"nonnbr c ->" appears in one line of the records below. Output that line and each one after it, exactly, through the last line.

**DATA RECORDS**
━━━━━━━━━━━━━━━━━━━━

(* Let $k\in\mathbb{N}$, let $u=a_1\cdots a_n$ be a word over a finite alphabet $A$, and let $i<j$ be positions with $a_i=a_j$ and $a_\ell\neq a_i$ for all $\ell\in\{i+1,\dots,j-1\}$. Suppose the attributes satisfy $x_i+y_i\le k+1$ and $x_j\le k$. Then for every word $v$ with $u\sim_k v$, the positions $r^u_i(v)$ and $r^u_j(v)$ are defined and $r^u_i(v)<r^u_j(v)$.
   Context: $w\prec v$ ($w$ is a scattered subword of $v$) means $v=v_0b_1v_1\cdots b_mv_m$ where $w=b_1\cdots b_m$. $u\sim_k v$ iff $u,v$ have the same subwords of length at most $k$. An X-ranker is a nonempty word over $\{\mathsf X_a : a\in A\}$, a Y-ranker a nonempty word over $\{\mathsf Y_a:a\in A\}$, length = word length. For a word $w$: $\mathsf X_a(w)$ is the smallest $a$-position, $r\mathsf X_a(w)$ the smallest $a$-position greater than $r(w)$; $\mathsf Y_a(w)$ the greatest $a$-position, $r\mathsf Y_a(w)$ the greatest $a$-position smaller than $r(w)$ (possibly undefined). The attribute of position $p$ of $u$ is $(x_p,y_p)$, $x_p$ (resp. $y_p$) the minimal length of an X-ranker (resp. Y-ranker) $r$ with $r(u)=p$. Canonical X-ranker $r^u_p$: let $R^u_p$ be the set of X-rankers of length $x_p$ reaching $p$ in $u$; set $S_{x_p}=R^u_p$ and for $t=x_p-1,\dots,1$ let $q_t$ be the minimal position of $u$ reached by length-$t$ prefixes of rankers in $S_{t+1}$ and $S_t$ the set of those rankers in $S_{t+1}$ whose length-$t$ prefix reaches $q_t$; then $S_1=\{r^u_p\}$. *)

From mathcomp Require Import all_boot.
Set Implicit Arguments. Unset Strict Implicit. Unset Printing Implicit Defensive.

(* Words are [seq A] over a finite alphabet [A : finType].
   Positions are 0-indexed: position q of w holds [onth w q]
   (paper position q+1). *)
Section Rankers.
Variable A : finType.
Implicit Types (w u v : seq A) (a : A).
Ltac case_I5 i := case: i => [[|[|[|[|[|?]]]]] ?] //.

Lemma pentZ_sym (i j : 'I_5) : pentZ i j -> pentZ j i.
Proof. by case_I5 i; case_I5 j. Qed.

Lemma pentagon_universal_axioms : universal_axioms pentagon.
Proof.
constructor.
- exact: pentZ_sym.
- by move=> i; case_I5 i.
- by move=> i j k; case_I5 i; case_I5 j; case_I5 k.
- move=> i j k /eqP + /eqP + /eqP.
  by case_I5 i; case_I5 j; case_I5 k; auto.
- move=> i j k l /eqP + /negP + + + /eqP.
  by case_I5 i; case_I5 j; case_I5 k; case_I5 l.
- move=> i j k l + /eqP + /negP + /eqP + /negP + /eqP + /eqP + /negP + /eqP + /negP.
  by case_I5 i; case_I5 j; case_I5 k; case_I5 l.
Qed.

Definition holds (P : Prop) : bool :=
  if excluded_middle_informative P then true else false.

Lemma holdsP (P : Prop) : reflect P (holds P).
Proof. by rewrite /holds; case: excluded_middle_informative => H; constructor. Qed.

Definition p0 : 'I_5 := @Ordinal 5 0 isT.
Definition p1 : 'I_5 := @Ordinal 5 1 isT.
Definition p2 : 'I_5 := @Ordinal 5 2 isT.
Definition p3 : 'I_5 := @Ordinal 5 3 isT.
Definition p4 : 'I_5 := @Ordinal 5 4 isT.

Section Classification.

Variables (W : Type) (S : W -> W -> Prop) (x0 : W).
Hypothesis ax : pentagon_axioms S.

Definition nonnbr (v : W) : Prop := v <> x0 /\ ~ S x0 v.

Lemma nbr_nonnbr_neq u v : S x0 u -> nonnbr v -> u <> v.
Proof. by move=> Su [_ nSv] uv; apply: nSv; rewrite -uv. Qed.

(* No triangle: the neighbours of x0 are pairwise nonadjacent. *)
Lemma nbrs_nonadjacent u v : S x0 u -> S x0 v -> ~ S u v.
Proof. by move=> Su Sv Suv; exact: ax_tri ax x0 u v (conj Su (conj Suv (ax_sym ax Sv))). Qed.

(* No independent triple: the non-neighbours of x0 are pairwise adjacent. *)
Lemma nonnbrs_adjacent u v : nonnbr u -> nonnbr v -> u <> v -> S u v.
Proof.
by move=> [ux nSu] [vx nSv] uv; case: (ax_ind ax (nesym ux) uv (nesym vx)) => [|[]].
Qed.

Lemma nbrs_at_most_two a b b' :
  S x0 a -> S x0 b -> S x0 b' -> b <> a -> b' <> a -> b = b'.
Proof.
move=> Sa Sb Sb' ba b'a; apply: NNPP => bb'.
by case: (ax_ind ax (nesym ba) bb' (nesym b'a)) => [|[]]; apply: nbrs_nonadjacent.
Qed.

Lemma nonnbrs_at_most_two c d d' :
  nonnbr c -> nonnbr d -> nonnbr d' -> d <> c -> d' <> c -> d = d'.
Proof.
move=> Nc Nd Nd' dc d'c; apply: NNPP => dd'.
have Scd := nonnbrs_adjacent Nc Nd (nesym dc).
have Sdd' := nonnbrs_adjacent Nd Nd' dd'.
exact: ax_tri ax c d d' (conj Scd (conj Sdd' (nonnbrs_adjacent Nd' Nc d'c))).
Qed.

Section Roles.

(* A neighbour [a] and a non-neighbour [c] of x0 (when these exist), and
   whether some edge joins the neighbours to the non-neighbours. *)
Variables (a c : W) (linked : bool).

Definition nbr_pos (u : W) : 'I_5 := if holds (u = a) then p1 else p4.
Definition nonnbr_pos (v : W) : 'I_5 := if holds (v = c) == linked then p2 else p3.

━━━━━━━━━━━━━━━━━━━━

**RESPONSE AREA**
  nonnbr c -> nonnbr d -> nonnbr d' -> d <> c -> d' <> c -> d = d'.
Proof.
move=> Nc Nd Nd' dc d'c; apply: NNPP => dd'.
have Scd := nonnbrs_adjacent Nc Nd (nesym dc).
have Sdd' := nonnbrs_adjacent Nd Nd' dd'.
exact: ax_tri ax c d d' (conj Scd (conj Sdd' (nonnbrs_adjacent Nd' Nc d'c))).
Qed.

Section Roles.

(* A neighbour [a] and a non-neighbour [c] of x0 (when these exist), and
   whether some edge joins the neighbours to the non-neighbours. *)
Variables (a c : W) (linked : bool).

Definition nbr_pos (u : W) : 'I_5 := if holds (u = a) then p1 else p4.
Definition nonnbr_pos (v : W) : 'I_5 := if holds (v = c) == linked then p2 else p3.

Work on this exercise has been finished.